The robot is made out of a flat multi-layered sheet of material outfitted with circuitry and motors. In this sheet, the researchers made slices (called hinges) along which folding will occur. The self-assembly works as follows: After the sheet is hooked up to a battery, heating elements embedded in the material activate. This temperature change prompts certain layers to contract. Guided by the hinges, the contraction causes the flat sheet to fold into a predetermined 3-D structure—in this case a walking robot. In all, the assembly process takes around four minutes.
After self-assembling, the authors reported in their study published in Science, the robot was able to crawl away at about 5.4 centimeters per second.
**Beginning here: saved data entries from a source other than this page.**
Lemma sdr_glue N B X Y f g :
  sdr N X f -> {in X, forall x, f x \in B} -> sdr (fun x => N x :\: B) Y g ->
  sdr N (X :|: Y) (fun x => if x \in X then f x else g x).
Proof.
move=> [f_inj fN] fB [g_inj gN].
have gNB y : y \in X :|: Y -> y \notin X -> g y \in N y :\: B.
  by move=> /setUP[-> // | yY] _; apply: gN.
split=> [x y xXY yXY | x xXY] /=; last first.
  by case: ifP => xX; [apply: fN | case/setDP: (gNB x xXY (negbT xX))].
case: ifP => xX; case: ifP => yX.
- exact: f_inj.
- by move=> fg; case/setDP: (gNB y yXY (negbT yX)); rewrite -fg fB.
- by move=> gf; case/setDP: (gNB x xXY (negbT xX)); rewrite gf fB.
- by apply: g_inj; [case/setUP: xXY; rewrite ?xX | case/setUP: yXY; rewrite ?yX].
Qed.

Lemma hall_condition_tight N A X :
  hall_condition N A -> X \subset A -> #|nbhd N X| <= #|X| ->
  hall_condition (fun x => N x :\: nbhd N X) (A :\: X).
Proof.
move=> hallA sXA tightX Y; rewrite subsetD nbhdD => /andP[sYA disjYX].
have := hallA (X :|: Y); rewrite subUset sXA sYA nbhdU cardsUD => /(_ isT).
rewrite cardsU_disjoint 1?disjoint_sym //; lia.
Qed.

Lemma hall_condition_surplus N A a b :
  a \in A -> (forall X, X \proper A -> X != set0 -> #|X| < #|nbhd N X|) ->
  hall_condition (fun x => N x :\ b) (A :\ a).
Proof.
move=> aA surplusA Y sYAa; rewrite nbhdD.
have [-> | nY0] := eqVneq Y set0; first by rewrite cards0.
have := surplusA Y (sub_proper_trans sYAa (properD1 aA)) nY0.
by rewrite (cardsD1 b (nbhd N Y)); case: (b \in _) => /=; lia.
Qed.

End Hall.

Theorem hall (T1 T2 : finType) (y0 : T2) (N : T1 -> {set T2}) (A : {set T1}) :
  hall_condition N A -> exists f, sdr N A f.
Proof.
have [n] := ubnP #|A|; elim: n A N => // n IH A N ltAn hallA.
have [-> | [a aA]] := set_0Vmem A.
  by exists (fun=> y0); split=> x; rewrite in_set0.
have [/existsP[X /and3P[ltXA nX0 tightX]] | /existsPn surplusA] :=
  boolP [exists X : {set T1}, [&& X \proper A, X != set0 & #|nbhd N X| <= #|X|]].
  have sXA := proper_sub ltXA.
  have [f [f_inj fN]] : exists f, sdr N X f.
    apply: IH => [|Y sYX]; first by have := proper_card ltXA; lia.
    by apply: hallA; apply: subset_trans sXA.
  have [g sdr_g] : exists g, sdr (fun x => N x :\: nbhd N X) (A :\: X) g.
    apply: IH (hall_condition_tight hallA sXA tightX).
    rewrite -card_gt0 in nX0; rewrite cardsDS //.
    by have := subset_leq_card sXA; lia.
  exists (fun x => if x \in X then f x else g x).
  have <- : X :|: (A :\: X) = A by rewrite setDE setUIr setUCr setIT (setUidPr sXA).
  apply: sdr_glue (conj f_inj fN) _ sdr_g => x xX.
  by apply/bigcupP; exists x => //; apply: fN.
have {}surplusA (X : {set T1}) : X \proper A -> X != set0 -> #|X| < #|nbhd N X|.
  move=> ltXA nX0; rewrite ltnNge; apply: contra (surplusA X) => tightX.
  by rewrite ltXA nX0.
have /card_gt0P[b bNa] : 0 < #|N a|.
  by have := hallA [set a]; rewrite sub1set aA nbhd1 cards1 => /(_ isT).
have [g sdr_g] : exists g, sdr (fun x => N x :\ b) (A :\ a) g.
  apply: IH (hall_condition_surplus b aA surplusA).
  by rewrite (cardsD1 a A) aA in ltAn.
exists (fun x => if x \in [set a] then b else g x).
rewrite -(setD1K aA); apply: (sdr_glue _ _ sdr_g) => [|x _]; last exact: set11.
by split=> [x y /set1P -> /set1P -> | x /set1P ->].
Qed.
The design of the robot relies in large part on the field of computational origami—an algorithmic approach to investigating the mathematical properties of folding. One important finding in the relatively young field is that, as the authors wrote, "it is mathematically possible to fold arbitrary geometries from a single sheet of paper." That means, theoretically, a sheet of paper can be folded into any shape. Though the thickness of materials puts some constraint on this idea, they were able to show that their method for self-folding robots could be used to create just about any design.
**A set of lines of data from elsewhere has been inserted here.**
(* Let $\alpha,\beta,\gamma\in\mathbb{Z}[i]$ satisfy $\alpha^2+i\beta^2+(1+i)\gamma^2=0$, $\alpha\beta\gamma\neq0$ and $\gcd(\alpha,\beta,\gamma)\in U$. Then $\alpha\beta\gamma\not\equiv0\pmod{1+i}$.
   Context: $\mathbb{Z}[i]$ is the ring of Gaussian integers, $U=\{1,-1,i,-i\}$ its unit group; $\gcd(\alpha,\beta,\gamma)\in U$ means no common non-unit divisor. *)

(* Gaussian integers Z[i] realized as the subring
   {z in algC | Re z, Im z integers} of the algebraic complex numbers algC. *)
From mathcomp Require Import all_boot all_order all_algebra all_field.
Set Implicit Arguments. Unset Strict Implicit. Unset Printing Implicit Defensive.
Import Order.TTheory GRing.Theory Num.Theory.
Local Open Scope ring_scope.

Definition gaussInt (z : algC) : bool :=
  ('Re z \is a Num.int) && ('Im z \is a Num.int).

Definition gdvd (d x : algC) : Prop :=
  exists2 q : algC, gaussInt q & x = d * q.

(* a Gaussian integer u is a unit of Z[i] (i.e. u ∈ U = {1,-1,i,-i}) iff u | 1 *)
Definition gunit (u : algC) : Prop := gaussInt u /\ gdvd u 1.

(* gcd(a,b,c) ∈ U: every common Gaussian-integer divisor is a unit *)
Definition gcoprime3 (a b c : algC) : Prop :=
  forall d : algC, gaussInt d -> gdvd d a -> gdvd d b -> gdvd d c -> gunit d.

(** Reduce modulo 2 = -i (1 + i)^2.  A Gaussian integer is congruent to 0 or 1
    modulo the prime 1 + i, and accordingly its square is congruent to 0 or 1
    modulo 2.  Reading the equation modulo 2 forces the three residues
    modulo 1 + i to coincide, so if 1 + i divides one of a, b, c it divides
    all three, contradicting gcd(a, b, c) = 1. *)
From mathcomp Require Import all_boot all_order all_algebra all_field.
From mathcomp Require Import ring zify.
Set Implicit Arguments. Unset Strict Implicit. Unset Printing Implicit Defensive.
Import Order.TTheory GRing.Theory Num.Theory.
Local Open Scope ring_scope.

Local Notation pi := (1 + 'i : algC).

Definition grect (x y : int) : algC := x%:~R + 'i * y%:~R.

Lemma mulC_rect (x y u v : algC) :
  (x + 'i * y) * (u + 'i * v) = (x * u - y * v) + 'i * (x * v + y * u).
Proof.
apply/eqP; rewrite -subr_eq0.
have -> : (x + 'i * y) * (u + 'i * v) - ((x * u - y * v) + 'i * (x * v + y * u))
          = ('i ^+ 2 + 1) * (y * v) by ring.
by rewrite sqrCi addNr mul0r.
Qed.

Lemma Re_grect x y : 'Re (grect x y) = x%:~R.
Proof. by rewrite Re_rect ?Rreal_int ?intr_int. Qed.

Lemma Im_grect x y : 'Im (grect x y) = y%:~R.
Proof. by rewrite Im_rect ?Rreal_int ?intr_int. Qed.

Lemma grectD x y u v : grect x y + grect u v = grect (x + u) (y + v).
Proof. rewrite /grect !intrD; ring. Qed.

Lemma grectN x y : - grect x y = grect (- x) (- y).
Proof. rewrite /grect !intrN; ring. Qed.

Lemma grectM x y u v : grect x y * grect u v = grect (x * u - y * v) (x * v + y * u).
Proof. by rewrite /grect mulC_rect !(intrD, intrN, intrM). Qed.

Lemma gaussInt_grect x y : gaussInt (grect x y).
Proof. by rewrite /gaussInt Re_grect Im_grect !intr_int. Qed.

Lemma gaussIntP z : gaussInt z -> exists x y, z = grect x y.
Proof.
case/andP => /intrP [x Rez] /intrP [y Imz]; exists x, y.
by rewrite /grect -Rez -Imz -algCrect.
Qed.

Lemma gaussInt1 : gaussInt 1.
Proof. by have := gaussInt_grect 1 0; rewrite /grect mulr0 addr0. Qed.

Lemma gaussInti : gaussInt 'i.
Proof. by have := gaussInt_grect 0 1; rewrite /grect mulr1 add0r. Qed.

Lemma gaussIntD z w : gaussInt z -> gaussInt w -> gaussInt (z + w).
Proof.
move=> /gaussIntP [x [y ->]] /gaussIntP [u [v ->]].
by rewrite grectD gaussInt_grect.
Qed.

Lemma gaussIntN z : gaussInt z -> gaussInt (- z).
Proof. by move=> /gaussIntP [x [y ->]]; rewrite grectN gaussInt_grect. Qed.

Lemma gaussIntM z w : gaussInt z -> gaussInt w -> gaussInt (z * w).
Proof.
move=> /gaussIntP [x [y ->]] /gaussIntP [u [v ->]].
by rewrite grectM gaussInt_grect.
Qed.

Lemma gdvdD d x y : gdvd d x -> gdvd d y -> gdvd d (x + y).
Proof.
by move=> [q gq ->] [r gr ->]; exists (q + r); rewrite ?gaussIntD ?mulrDr.
Qed.

Lemma gdvdN d x : gdvd d x -> gdvd d (- x).
Proof. by move=> [q gq ->]; exists (- q); rewrite ?gaussIntN ?mulrN. Qed.

Lemma gdvdB d x y : gdvd d x -> gdvd d y -> gdvd d (x - y).
Proof. by move=> dx dy; apply: gdvdD dx (gdvdN dy). Qed.

Lemma gdvdMr d x y : gaussInt y -> gdvd d x -> gdvd d (x * y).
Proof. by move=> gy [q gq ->]; exists (q * y); rewrite ?gaussIntM ?mulrA. Qed.

Lemma gdvdMl d x y : gaussInt y -> gdvd d x -> gdvd d (y * x).
Proof. by rewrite mulrC; apply: gdvdMr. Qed.

Lemma gdvd2_grect x y : gdvd 2 (grect x y) -> (2 %| x)%Z /\ (2 %| y)%Z.
Proof.
move=> [q /gaussIntP [u [v ->]]].
have -> : 2 = grect 2 0 by rewrite /grect mulr0 addr0.
rewrite grectM !mul0r subr0 addr0 => e.
have := congr1 (fun z => 'Re z) e; rewrite /= !Re_grect => /intr_inj ->.
have := congr1 (fun z => 'Im z) e; rewrite /= !Im_grect => /intr_inj ->.
by rewrite !dvdz_mulr.
Qed.

Lemma gdvd_pi_grect x y : (2 %| x + y)%Z -> gdvd pi (grect x y).
Proof.
case/dvdzP => k xy; exists (grect k (k - x)); first exact: gaussInt_grect.
have -> : pi = grect 1 1 by rewrite /grect mulr1.
by rewrite grectM; congr grect; lia.
Qed.

Lemma mul_pi_conj : pi * (1 - 'i) = 2.
Proof.
apply/eqP; rewrite -subr_eq0.
have -> : pi * (1 - 'i) - 2 = - ('i ^+ 2 + 1) by ring.
by rewrite sqrCi addNr oppr0.
Qed.

Lemma sqr_pi : pi ^+ 2 = 2 * 'i.
Proof.
apply/eqP; rewrite -subr_eq0.
have -> : pi ^+ 2 - 2 * 'i = 'i ^+ 2 + 1 by ring.
by rewrite sqrCi addNr.
Qed.

Lemma gaussInt_pi : gaussInt pi.
Proof. by rewrite gaussIntD ?gaussInt1 ?gaussInti. Qed.

Lemma not_gdvd_pi1 : ~ gdvd pi 1.
Proof.
move=> [q gq pq1].
have : gdvd 2 (grect 1 (-1)).
  exists q => //; rewrite -mul_pi_conj mulrAC -pq1 mul1r /grect.
  by rewrite intrN mulrN mulr1.
by case/gdvd2_grect.
Qed.

Lemma gdvd_pi_or_subr1 z : gaussInt z -> gdvd pi z \/ gdvd pi (z - 1).
Proof.
move=> /gaussIntP [x [y ->]].
have [even_xy | odd_xy] := boolP (2 %| x + y)%Z.
  by left; apply: gdvd_pi_grect.
right; have -> : grect x y - 1 = grect (x - 1) y by rewrite /grect intrB; ring.
by apply: gdvd_pi_grect; lia.
Qed.

Lemma gdvd_pi_mul z w :
  gaussInt z -> gaussInt w -> gdvd pi (z * w) -> gdvd pi z \/ gdvd pi w.
Proof.
move=> gz gw pzw.
have [pz | pz1] := gdvd_pi_or_subr1 gz; first by left.
have [pw | pw1] := gdvd_pi_or_subr1 gw; first by right.
exfalso; apply: not_gdvd_pi1.
have one_eq : z * w - ((z - 1) * w + (w - 1)) = 1 by ring.
rewrite -[X in gdvd _ X]one_eq.
by apply: gdvdB pzw (gdvdD (gdvdMr gw pz1) pw1).
Qed.

Lemma sqr_mod2 z :
  gaussInt z -> exists e : bool, gdvd 2 (z ^+ 2 - e%:R) /\ (gdvd pi z <-> ~~ e).
Proof.
move=> gz; have [pz | pz1] := gdvd_pi_or_subr1 gz.
  exists false; split; last by split.
  case: pz => q gq ->.
  exists ('i * q ^+ 2); first by rewrite gaussIntM ?gaussInti ?gaussIntM.
  by rewrite subr0 exprMn sqr_pi -mulrA.
exists true; split; last first.
  split=> // pz; case: not_gdvd_pi1.
  by rewrite -[X in gdvd _ X](subKr z); apply: gdvdB pz pz1.
case: pz1 => q gq z1; exists ('i * q ^+ 2 + pi * q).
  by rewrite gaussIntD ?gaussIntM ?gaussInti ?gaussInt_pi.
have -> : z = pi * q + 1 by rewrite -z1 subrK.
by rewrite sqrrD expr1n mulr1 addrK exprMn sqr_pi; ring.
Qed.

Lemma gdvd2_grect_bits (ea eb ec : bool) :
  gdvd 2 (grect (ea + ec)%N (eb + ec)%N) -> ea = ec /\ eb = ec.
Proof. by case/gdvd2_grect; case: ea; case: eb; case: ec. Qed.

Theorem lemma4p16 (a b c : algC) :
  gaussInt a -> gaussInt b -> gaussInt c ->
  a ^+ 2 + 'i * b ^+ 2 + (1 + 'i) * c ^+ 2 = 0 ->
  a * b * c != 0 ->
  gcoprime3 a b c ->
  ~ gdvd (1 + 'i) (a * b * c).
Proof.
move=> ga gb gc abc0 _ coprime_abc pabc.
have [ea [a2 pa]] := sqr_mod2 ga.
have [eb [b2 pb]] := sqr_mod2 gb.
have [ec [c2 pc]] := sqr_mod2 gc.
have two_e : gdvd 2 (grect (ea + ec)%N (eb + ec)%N).
  rewrite -[grect _ _]opprK -[X in - X]sub0r -abc0; apply: gdvdN.
  have -> : a ^+ 2 + 'i * b ^+ 2 + pi * c ^+ 2 - grect (ea + ec)%N (eb + ec)%N
      = (a ^+ 2 - ea%:R) + 'i * (b ^+ 2 - eb%:R) + pi * (c ^+ 2 - ec%:R).
    by rewrite /grect -!pmulrn !natrD; ring.
  by apply: gdvdD (gdvdD a2 (gdvdMl gaussInti b2)) (gdvdMl gaussInt_pi c2).
have [ea_ec eb_ec] := gdvd2_grect_bits two_e.
rewrite {}ea_ec in pa; rewrite {}eb_ec in pb.
have nec : ~~ ec.
  have [/(gdvd_pi_mul ga gb) [] | ] := gdvd_pi_mul (gaussIntM ga gb) gc pabc.
  - by move/pa.
  - by move/pb.
  - by move/pc.
have [_ pi_unit] := coprime_abc pi gaussInt_pi (pa.2 nec) (pb.2 nec) (pc.2 nec).
exact: not_gdvd_pi1 pi_unit.
Qed.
From a practical perspective, one potential benefit of self-assembling robots is that they can be stored as flat sheets. Doing so greatly reduces the space—and thus the cost—of shipping machines. "This approach opens up possibilities for making robots that can be efficiently transported or perhaps used in a dangerous search and rescue mission where access to the site may be limited," Mark Lavine, a senior editor at Science, said in the press conference.
As the researchers note in their paper, the fact that the machines are self-folding also reduces the amount of time and skilled labor required to assemble them. Further, they don't necessarily need operators to turn them on. "[C]omplex triggers could be integrated, including wireless activation or response to an environmental change," the researchers wrote.
"By leveraging the knowledge and software tools developed for making paper art," Lavine said, "it may be possible to show rapid progress in these areas of robotics and materials science."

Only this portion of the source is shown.